Polypharmacy: Is It Truly Beneficent?
I recently received the following poem from
a physician with no particular attribution:
SPECIAL POEM FOR SENIOR CITIZENS
A row of bottles on my shelf
Caused me to analyze myself.
One yellow pill I have to pop
Goes to my heart so it won't stop.
A little white one that I take
Goes to my hands so they won't shake.
The blue ones that I use a lot
Tell me I'm happy when I'm not.
The purple pill goes to my brain
and tells me that I have no pain.
The capsules tell me not to wheeze
Or cough or choke or even sneeze.
The red ones, smallest of them all
Go to my blood so I won't fall.
The orange ones, very big and bright
Prevent my leg cramps in the night.
Such an array of brilliant pills
Helping to cure all kinds of ills.
But what I'd really like to know...........

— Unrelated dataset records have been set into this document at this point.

Theorem proposition2p19 (R : realType) (I : countType) (Ii : I -> set I)
  (gam : I -> I -> R -> R) (mu : I -> (I -> R) -> \bar R) :
  inhabited I ->
  gain_operator Ii gam mu ->
  GATT (Gam Ii gam mu) ->
  uniform_NJI Ii (Gam Ii gam mu).
Proof.
move=> _ HG Hgatt r eps r0 eps0.
set G := Gam Ii gam mu.
have eps2 : 0 < eps / 2 by rewrite divr_gt0.
have r_lplus : is_lplus (fun _ : I => r) by split=> [_|]; [exact: ltW | exists r].
have [N decayN] : exists N, linf_norm (iter N G (fun=> r)) < eps / 2.
  have /cvgrPdist_lt /(_ _ eps2) [N _ HN] := Hgatt _ r_lplus.
  by exists N; have := HN N (leqnn N); rewrite sub0r normrN; exact: le_lt_trans (ler_norm _).
have [delta delta0 Hdelta] := iter_Gam_ge_sub HG N (ltW r0) eps2.
exists N, delta; split=> // s s_lplus i epsi s_r.
have [// | no_jump] := pselect (exists j, Nin Ii N i j /\ delta <= s j /\ G s j < s j).
have s0 : nonneg s by case: s_lplus.
have s_le_r j : s j <= r := le_trans (lplus_le_linf_norm j s_lplus) s_r.
have s_nondecr j : Nin Ii (0 + N) i j -> delta <= s j -> s j <= G s j.
  by move=> ij dj; rewrite leNgt; apply/negP => Gj; apply: no_jump; exists j.
have := Hdelta s s0 s_le_r 0%N i s_nondecr i erefl.
have := iter_Gam_le HG N s0 s_le_r i.
have := lplus_le_linf_norm i (iter_Gam_lplus HG N r_lplus).
lra.
Qed.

Is what tells each one where to go!
To me, “where they go” is not the issue with the prescription of and the daily use of multiple different medications (polypharmacy). To me, the issue is whether the medical practice of polypharmacy is a truly beneficent practice both to the individual patient but also to society. The goal of the physician prescribing a medication is that of providing a therapeutic benefit to the patient. The benefit should not be looked upon simply as the value of each drug to relieve a specific disease or symptom. Consideration of the benefit should include whether the drug is contributing to the total health benefit to the patient. Physicians and patients should keep in mind that the effect of one drug on the total health benefit is dependant not only it’s direct effect on the condition for which it was prescribed but whether the drug itself has harmful or detrimental potentials such as side-effects, toxicities or harmful interactions between the prescribed drug and the other medications that the patient is already taking. Benefit should also be measured by whether the addition of another drug with its own schedule for administration will disrupt the patient’s compliance with the taking of the other medications. Will the shape and color of the new pill be confused with other pills the patient, especially the elderly, is taking? Benefit should not only be measured by the parameters noted above but also whether the net wanted results of prescribing and taking a drug are sufficient to trump the drug’s expense to the patient and the healthcare system. Drugs that are very expensive might either not be purchased by the patient or the patient may discontinue or reduce the prescribed dosage of other drugs in order to afford the new one.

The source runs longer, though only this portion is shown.